JAKARTA-Pasca penangkapan koruptor asal Indonesia Nazarudddin di Kolombia maka Presiden SBY memberi instruksi langsung kepada Duta Besar RI untuk Kolombia, Michael Menufundu untuk menjaga ketat buron KPK yang juga mantan Bendahara Umum Partai Demokrat.
"Banyak pihak yang berkepentingan untuk bisa mendengarkan langsung dari Nazaruddin," kata juru bicara Presiden, Julian Aldrin Pasha. Dalam keterangan melalui pesan BlackBerry Messenger, telewicara di televisi, dan perbincangan melalui Skype, Nazaruddin beberapa kali menyebut keterlibatan sejumlah nama. Yang dia sebut, bukan nama sembarangan. Mereka antara lain Ketua Umum Partai Demokrat Anas Urbaningrum, sejumlah petinggi Partai Demokrat lain, termasuk Wakil Ketua KPK Chandra M. Hamzah dan M. Jasin. Semua orang-orang yang disebut Nazaruddin membantah keras tudingan itu.

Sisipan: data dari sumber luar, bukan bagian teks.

Lemma lift_fullE1_fullE l n : lift fullE1 l n -> fullE l n.
Proof.
  intro H.
  assert (exists ms, length ms = length l /\
     (forall i, (i < length l)%nat -> fullE1 (snd (nth i l (0, Var 0))) (nth i ms [])) /\
     n = concat (map (fun pm => scale (fst (fst pm)) (snd pm)) (combine l ms)))
    as [ms [Hlen [Hi ->]]].
  { induction H as [|p M m l n Hm _ [ms [Hlen [Hi ->]]]].
    - exists []; repeat split; auto; simpl; intros; lia.
    - exists (m :: ms); repeat split; simpl; auto.
      intros [|i] Hlt; simpl; auto; apply Hi; simpl in Hlt; lia. }
  apply fe_lift; auto; intros i Hlt; apply fullE1_fullE, Hi, Hlt.
Qed.

Lemma obs_app a b N : obs (a ++ b) N = obs a N + obs b N.
Proof.
  unfold obs; destruct excluded_middle_informative; [|ring].
  induction a as [|x a IH]; simpl; [ring|rewrite IH; ring].
Qed.

Lemma obs_scale p a N : obs (scale p a) N = p * obs a N.
Proof.
  unfold obs; destruct excluded_middle_informative; [|ring].
  induction a as [|[q M] a IH]; simpl; [ring|rewrite IH].
  destruct term_eq_dec; ring.
Qed.

Lemma obs_perm a b : Permutation a b -> obs a = obs b.
Proof.
  intro H; apply functional_extensionality; intro N.
  unfold obs; destruct excluded_middle_informative; [|reflexivity].
  induction H; simpl; try ring; congruence.
Qed.

Lemma obs_lift_stepE m n N : lift stepE m n -> obs m N = 0.
Proof.
  induction 1 as [|p M m l n HM _ IH].
  { unfold obs; destruct excluded_middle_informative; reflexivity. }
  change ((p, M) :: l) with ([(p, M)] ++ l); rewrite obs_app, IH.
  unfold obs; destruct excluded_middle_informative as [HN|]; simpl; [|ring].
  destruct term_eq_dec as [->|]; [|ring].
  exfalso; exact (stepE_not_normal _ _ HM HN).
Qed.

Lemma fullE1_diamond M a1 a2 : fullE1 M a1 -> fullE1 M a2 ->
  obs a1 = obs a2 /\ joinable fullE1 a1 a2.
Proof.
  assert (Hrefl : forall a, obs a = obs a /\ joinable fullE1 a a).
  { intro a; split; auto.
    destruct (lift_total _ fullE1_total a) as [b Hb]; exists b, b; auto. }
  intros [[Hn ->]|E1] [[Hn' ->]|E2]; auto.
  - exfalso; exact (stepE_not_normal _ _ E2 Hn).
  - exfalso; exact (stepE_not_normal _ _ E1 Hn').
  - destruct (stepE_diamond _ _ _ E1 E2) as [->|J]; auto.
    destruct J as [n1 [n2 [H1 [H2 P]]]]; split.
    + apply functional_extensionality; intro N.
      rewrite (obs_lift_stepE _ _ N H1), (obs_lift_stepE _ _ N H2); reflexivity.
    + apply (joinable_mono stepE); [intros; right; auto|]; exists n1, n2; auto.
Qed.

Lemma lift_fullE1_diamond l m1 m2 : lift fullE1 l m1 -> lift fullE1 l m2 ->
  obs m1 = obs m2 /\ joinable fullE1 m1 m2.
Proof.
  intros H1; revert m2; induction H1 as [|p M a1 l n1 Ha1 _ IH]; intros m2 H2.
  - inversion H2; subst; split; auto; exists [], []; repeat constructor.
  - apply lift_inv in H2 as [a2 [n2 [Ha2 [Hn2 ->]]]].
    destruct (fullE1_diamond _ _ _ Ha1 Ha2) as [Oa [b1 [b2 [Hb1 [Hb2 Pb]]]]].
    destruct (IH _ Hn2) as [On [c1 [c2 [Hc1 [Hc2 Pc]]]]].
    split.
    + apply functional_extensionality; intro N.
      rewrite !obs_app, !obs_scale, Oa, On; reflexivity.
    + exists (scale p b1 ++ c1), (scale p b2 ++ c2); repeat split.
      * apply lift_app; auto; apply lift_scale; auto.
      * apply lift_app; auto; apply lift_scale; auto.
      * apply Permutation_app; auto; apply Permutation_map; auto.
Qed.

Definition abs_weight (m : mdist) : R := fold_right (fun pM acc => Rabs (fst pM) + acc) 0 m.

Lemma abs_weight_app a b : abs_weight (a ++ b) = abs_weight a + abs_weight b.
Proof. induction a; simpl; [ring|rewrite IHa; ring]. Qed.

Lemma abs_weight_scale p a : abs_weight (scale p a) = Rabs p * abs_weight a.
Proof. induction a as [|[q M] a IH]; simpl; [ring|rewrite IH, Rabs_mult; ring]. Qed.

Lemma fullE1_abs_weight M m : fullE1 M m -> abs_weight m = 1.
Proof.
  assert (H1 : abs_weight (unit_md M) = 1) by (simpl; rewrite Rabs_R1; ring).
  intros [[_ ->]|[M' m' _ [M'' M1 _|M'' P Q _]|M' M1 _ _]]; simpl;
    rewrite ?Rabs_R1, ?Rabs_pos_eq; lra.
Qed.

Lemma lift_fullE1_abs_weight l n : lift fullE1 l n -> abs_weight n = abs_weight l.
Proof.
  induction 1 as [|p M m l n Hm _ IH]; simpl; auto.
  rewrite abs_weight_app, abs_weight_scale, IH, (fullE1_abs_weight _ _ Hm); ring.
Qed.

Lemma obs_le_abs_weight m N : obs m N <= abs_weight m.
Proof.
  assert (Hpos : forall m, 0 <= abs_weight m).
  { induction m0 as [|[q M] m0 IH]; simpl; [lra|pose proof (Rabs_pos q); lra]. }
  unfold obs; destruct excluded_middle_informative; [|apply Hpos].
  induction m as [|[q M] m IH]; simpl; [lra|].
  destruct term_eq_dec; pose proof (Rle_abs q); pose proof (Rabs_pos q); lra.
Qed.

Section RandomDescent.
Variables (A B : Type) (red eqv : A -> A -> Prop) (f : A -> B).
Hypothesis red_total : forall a, exists b, red a b.
Hypothesis eqv_refl : forall a, eqv a a.
Hypothesis eqv_sym : forall a b, eqv a b -> eqv b a.
Hypothesis f_eqv : forall a b, eqv a b -> f a = f b.
Hypothesis red_eqv : forall a b a', eqv a b -> red a a' -> exists b', red b b' /\ eqv a' b'.
Hypothesis red_diamond : forall a b1 b2, red a b1 -> red a b2 ->
  f b1 = f b2 /\ exists c1 c2, red b1 c1 /\ red b2 c2 /\ eqv c1 c2.

Definition red_path (s : nat -> A) : Prop := forall k, red (s k) (s (S k)).

Definition red_next (a : A) : A :=
  proj1_sig (ClassicalEpsilon.constructive_indefinite_description _ (red_total a)).

Fixpoint descent (a : A) (k : nat) : A :=
  match k with O => a | S k => red_next (descent a k) end.

Lemma descent_red_path a : red_path (descent a).
Proof. intro k; exact (proj2_sig (ClassicalEpsilon.constructive_indefinite_description _ _)). Qed.

Lemma red_path_tail s : red_path s -> red_path (fun k => s (S k)).
Proof. intros Hs k; apply Hs. Qed.

Lemma red_path_cons a s : red a (s O) -> red_path s ->
  red_path (fun k => match k with O => a | S k => s k end).
Proof. intros Ha Hs [|k]; [exact Ha|apply Hs]. Qed.

(* The first steps of [s] and [t] are closed by the diamond; extending the two
   joining steps to arbitrary paths, the induction hypothesis compares these
   with the tails of [s] and [t]. *)
Theorem random_descent n : forall s t, red_path s -> red_path t -> eqv (s O) (t O) ->
  f (s n) = f (t n).
Proof.
  induction n as [|j IH] using Nat.strong_induction_le; intros s t Hs Ht E; [auto|].
  destruct (red_eqv _ _ _ (eqv_sym _ _ E) (Ht O)) as [t1' [Ht1' Et]].
  destruct (red_diamond _ _ _ (Hs O) Ht1') as [F1 [c1 [c2 [Hc1 [Hc2 Ec]]]]].
  set (u := fun k => match k with O => s 1%nat | S k => descent c1 k end).
  set (v := fun k => match k with O => t1' | S k => descent c2 k end).
  assert (Hu : red_path u) by (apply red_path_cons; auto using descent_red_path).
  assert (Hv : red_path v) by (apply red_path_cons; auto using descent_red_path).
  transitivity (f (u j)).
  { apply (IH j (le_n _) (fun k => s (S k)) u); auto using red_path_tail. }
  transitivity (f (v j)).
  2:{ symmetry; apply (IH j (le_n _) (fun k => t (S k)) v); auto using red_path_tail. }
  destruct j as [|j]; [exact F1|].
  apply (IH j (Nat.le_succ_diag_r j) (descent c1) (descent c2)); auto using descent_red_path.
Qed.

End RandomDescent.

Lemma is_sup_fun_unique f mu nu : is_sup_fun f mu -> is_sup_fun f nu -> mu = nu.
Proof.
  intros [Ubm Lm] [Ubn Ln]; apply functional_extensionality; intro N.
  apply Rle_antisym; [apply Lm|apply Ln]; auto.
Qed.

Lemma is_sup_fun_exists f c : (forall n N, f n N <= c) -> exists mu, is_sup_fun f mu.
Proof.
  intro Hc.
  assert (Hlub : forall N, {x | is_lub (fun x => exists n, x = f n N) x}).
  { intro N; apply completeness.
    - exists c; intros x [n ->]; apply Hc.
    - exists (f O N), O; reflexivity. }
  exists (fun N => proj1_sig (Hlub N)); split.
  - intros n N; apply (proj1 (proj2_sig (Hlub N))); exists n; reflexivity.
  - intros nu Hnu N; apply (proj2 (proj2_sig (Hlub N))); intros y [n ->]; apply Hnu.
Qed.

Lemma maximal_seq_fullE m s : maximal_seq fullE m s ->
  s O = m /\ red_path _ (lift fullE1) s.
Proof.
  intros [Hs0 Hs]; split; auto; intro k.
  destruct (Hs k) as [H|[Hn _]]; [apply fullE_lift_fullE1; auto|].
  exfalso; apply Hn; destruct (lift_total _ fullE1_total (s k)) as [n H].
  exists n; apply lift_fullE1_fullE; auto.
Qed.

Lemma fullE_obs_deterministic m s t : maximal_seq fullE m s -> maximal_seq fullE m t ->
  forall n, obs (s n) = obs (t n).
Proof.
  intros Hs Ht n.
  apply maximal_seq_fullE in Hs as [Hs0 Hs]; apply maximal_seq_fullE in Ht as [Ht0 Ht].
  apply (random_descent _ _ (lift fullE1) (@Permutation _) obs).
  - exact (lift_total _ fullE1_total).
  - exact (@Permutation_refl _).
  - exact (@Permutation_sym _).
  - exact obs_perm.
  - intros a b a' P H; exact (lift_perm _ _ _ _ P H).
  - exact lift_fullE1_diamond.
  - exact Hs.
  - exact Ht.
  - rewrite Hs0, Ht0; apply Permutation_refl.
Qed.

Lemma Lim_obs_fullE_unique m mu nu : Lim_obs m fullE mu -> Lim_obs m fullE nu -> mu = nu.
Proof.
  intros [s [Hs Hmu]] [t [Ht Hnu]].
  assert (E : (fun n => obs (s n)) = (fun n => obs (t n))).
  { apply functional_extensionality; exact (fullE_obs_deterministic m s t Hs Ht). }
  rewrite E in Hmu; exact (is_sup_fun_unique _ _ _ Hmu Hnu).
Qed.

Lemma Lim_obs_fullE_exists m : exists mu, Lim_obs m fullE mu.
Proof.
  set (s := descent _ (lift fullE1) (lift_total _ fullE1_total) m).
  assert (Hs : red_path _ (lift fullE1) s) by apply descent_red_path.
  assert (Hmax : maximal_seq fullE m s).
  { split; [reflexivity|intro n; left; apply lift_fullE1_fullE, Hs]. }
  assert (Hw : forall n, abs_weight (s n) = abs_weight m).
  { induction n as [|n IH]; [reflexivity|rewrite <- IH; apply lift_fullE1_abs_weight, Hs]. }
  destruct (is_sup_fun_exists (fun n => obs (s n)) (abs_weight m)) as [mu Hmu].
  { intros n N; rewrite <- (Hw n); apply obs_le_abs_weight. }
  exists mu, s; auto.
Qed.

Perintah SBY untuk menjaga ketat Nazaruddin adalah sesuatu yang wajar. Keselamatan Nazaruddin merupakan hal penting. Nazaruddin yang kerap melontarkan berbagai tudingan di media, kini harus bisa membuktikan itu semua di hadapan penegak hukum.

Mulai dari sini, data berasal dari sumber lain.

(* Let $n\ge2$ be an integer, $x_0,t_0\in\mathbb{R}$, $\beta>0$, $\psi(t,x)=(x-x_0)^2-\beta(t-t_0)^2$, $\ell=\lambda\psi$ with $\lambda\ge 1$, and let $w\in C^\infty(\mathbb{R}^2;\mathbb{R})$. With $I_1(w),I_2(w)$ as defined in the context, one has the pointwise identity $$I_1(w)I_2(w)=\partial_x G+\sum_{m=0}^{n-1}\Big[\frac{n^2}{2}\binom{n-1}{m}\ell_x^{\,2n-2m-2}\ell_{xx}+R_m\Big]|\partial_x^m w|^2,$$ where $G$ is a finite sum of terms of the form $c\,\ell_x^{\,a}\ell_{xx}^{\,b}\,\partial_x^{i}w\,\partial_x^{j}w$ ($c\in\mathbb{R}$, $a,b,i,j\in\mathbb{Z}_{\ge0}$), and each $R_m$ is a polynomial in $\ell_x,\ell_{xx}$ (independent of $w$) such that on every bounded set of $(t,x)$ one has $|R_m|\le C\lambda^{2n-2m-3}$ for a constant $C$ independent of $\lambda\ge1$.
   Context: $\binom{j}{k}$ denotes the binomial coefficient (zero unless $0\le k\le j$). For a smooth $w$ define $$I_1(w)=\sum_{\substack{j\in[0,n]\\ j\ \text{odd}}}\binom{n}{j}(-1)^{n-j}\ell_x^{\,n-j}\partial_x^j w-\binom{n}{2}\ell_{xx}\sum_{\substack{k\in[0,n-2]\\ k\ \text{even}}}\binom{n-2}{k}(-1)^{n-2-k}\ell_x^{\,n-2-k}\partial_x^k w,$$ $$I_2(w)=\sum_{\substack{k\in[0,n]\\ k\ \text{even}}}\binom{n}{k}(-1)^{n-k}\ell_x^{\,n-k}\partial_x^k w-\binom{n}{2}\ell_{xx}\sum_{\substack{j\in[0,n-2]\\ j\ \text{odd}}}\binom{n-2}{j}(-1)^{n-2-j}\ell_x^{\,n-2-j}\partial_x^j w.$$ (These are the parts of $e^{\ell}\partial_x^n(e^{-\ell}w)$ consisting of the highest-$\lambda$-order terms with odd (resp. even) $x$-derivatives of $w$ plus the next-highest-order terms with even (resp. odd) derivatives.) *)

From Stdlib Require Import Reals Lra Lia List.
From Coquelicot Require Import Coquelicot.
Open Scope R_scope.

Fixpoint binom (j k : nat) : nat :=
  match j, k with
  | _, O => 1%nat
  | O, S _ => 0%nat
  | S j', S k' => (binom j' k' + binom j' (S k'))%nat
  end.

Definition Rbinom (j k : nat) : R := INR (binom j k).

Fixpoint sum_up (f : nat -> R) (N : nat) : R :=
  match N with
  | O => 0
  | S N' => sum_up f N' + f N'
  end.

Fixpoint Ck2 (k : nat) (f : R -> R -> R) : Prop :=
  match k with
  | O => forall t x, continuity_2d_pt f t x
  | S k' =>
      (forall t x, continuity_2d_pt f t x) /\
      (forall t x, ex_derive (fun s => f s x) t /\ ex_derive (fun y => f t y) x) /\
      Ck2 k' (fun t x => Derive (fun s => f s x) t) /\
      Ck2 k' (fun t x => Derive (fun y => f t y) x)
  end.

Definition smooth2 (f : R -> R -> R) : Prop := forall k, Ck2 k f.

Definition psi (x0 t0 beta : R) (t x : R) : R :=
  (x - x0) ^ 2 - beta * (t - t0) ^ 2.

Definition ell (x0 t0 beta lam : R) (t x : R) : R := lam * psi x0 t0 beta t x.

Definition ell_x (x0 t0 beta lam : R) (t x : R) : R :=
  Derive (fun y => ell x0 t0 beta lam t y) x.

Definition ell_xx (x0 t0 beta lam : R) (t x : R) : R :=
  Derive_n (fun y => ell x0 t0 beta lam t y) 2 x.

Definition dxn (w : R -> R -> R) (j : nat) (t x : R) : R :=
  Derive_n (fun y => w t y) j x.

Definition I1 (n : nat) (x0 t0 beta lam : R) (w : R -> R -> R) (t x : R) : R :=
  let lx := ell_x x0 t0 beta lam t x in
  let lxx := ell_xx x0 t0 beta lam t x in
  sum_up (fun j => if Nat.odd j then
            Rbinom n j * (-1) ^ (n - j) * lx ^ (n - j) * dxn w j t x else 0) (S n)
  - Rbinom n 2 * lxx *
    sum_up (fun k => if Nat.even k then
            Rbinom (n - 2) k * (-1) ^ (n - 2 - k) * lx ^ (n - 2 - k) * dxn w k t x
            else 0) (S (n - 2)).

Definition I2 (n : nat) (x0 t0 beta lam : R) (w : R -> R -> R) (t x : R) : R :=
  let lx := ell_x x0 t0 beta lam t x in
  let lxx := ell_xx x0 t0 beta lam t x in
  sum_up (fun k => if Nat.even k then
            Rbinom n k * (-1) ^ (n - k) * lx ^ (n - k) * dxn w k t x else 0) (S n)
  - Rbinom n 2 * lxx *
    sum_up (fun j => if Nat.odd j then
            Rbinom (n - 2) j * (-1) ^ (n - 2 - j) * lx ^ (n - 2 - j) * dxn w j t x
            else 0) (S (n - 2)).

(* A G-term (c, a, b, i, j) stands for c * ell_x^a * ell_xx^b * d_x^i w * d_x^j w. *)
Definition Gterm : Type := (R * nat * nat * nat * nat)%type.

Definition Gval (G : list Gterm) (x0 t0 beta lam : R) (w : R -> R -> R) (t x : R) : R :=
  let lx := ell_x x0 t0 beta lam t x in
  let lxx := ell_xx x0 t0 beta lam t x in
  fold_right (fun '(c, a, b, i, j) acc =>
      c * lx ^ a * lxx ^ b * dxn w i t x * dxn w j t x + acc) 0 G.

(* A real polynomial in two variables, as a list of monomials (c, a, b) = c X^a Y^b. *)
Definition poly2 : Type := list (R * nat * nat)%type.

Definition poly2_eval (P : poly2) (X Y : R) : R :=
  fold_right (fun '(c, a, b) acc => c * X ^ a * Y ^ b + acc) 0 P.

Cara pemulangan Nazaruddin belum diputuskan karena upaya koordinasi antara kedua negara masih dilakukan. Direktur Tindak Pidana Tertentu Polri Brigjen Pol Anas Yusuf memimpin tim gabungan yang menjemput mantan Bendahara Umum Partai Demokrat Muhammad Nazaruddin ke Bogota, Kolombia.
Tim gabungan yang berangkat menjemput Nazaruddin terdiri atas perwakilan dari Kementerian Luar Negeri (Kemlu), Kementerian Hukum dan Hak Asasi Manusia (Kemkumham), Komisi Pemberantasan Korupsi (KPK) dan Polri. Saat ditangkap di Cartagena, Nazaruddin bersama istri dan beberapa orang lainnya pada Senin, 7/8/2011 pukul 02.00 waktu setempat.
"Pihaknya dan Kementerian Luar Negeri tengah mengkoordinasikan pemulangan tersangka M Nazaruddin dari Kolombia. Mantan Bendahara Umum Partai Demokrat itu akan dipulangkan dengan cara deportasi. "Yang paling efektif itu dengan sistem deportasi. Karena kan Pak Nazaruddin ini pakai paspor orang lain. Dari segi keimigrasian, itu untuk dideportasi malah lebih efektif dan cepat," ujar Patrialis.
Selain deportasi, langkah ekstradisi juga menjadi opsi pemulangan Nazaruddin ke Tanah Air. Namun Patrialis menilai cara tersebut akan silit dilakukan karena pemerintah Indonesia belum memiliki perjanjian ekstradisi dengan pemerintah Kolombia. "Kalau esktradisi, kita dengan Kolombia belum ada perjanjian, tapi hubungan baik kedua negara tentu boleh," ujar Patrialis.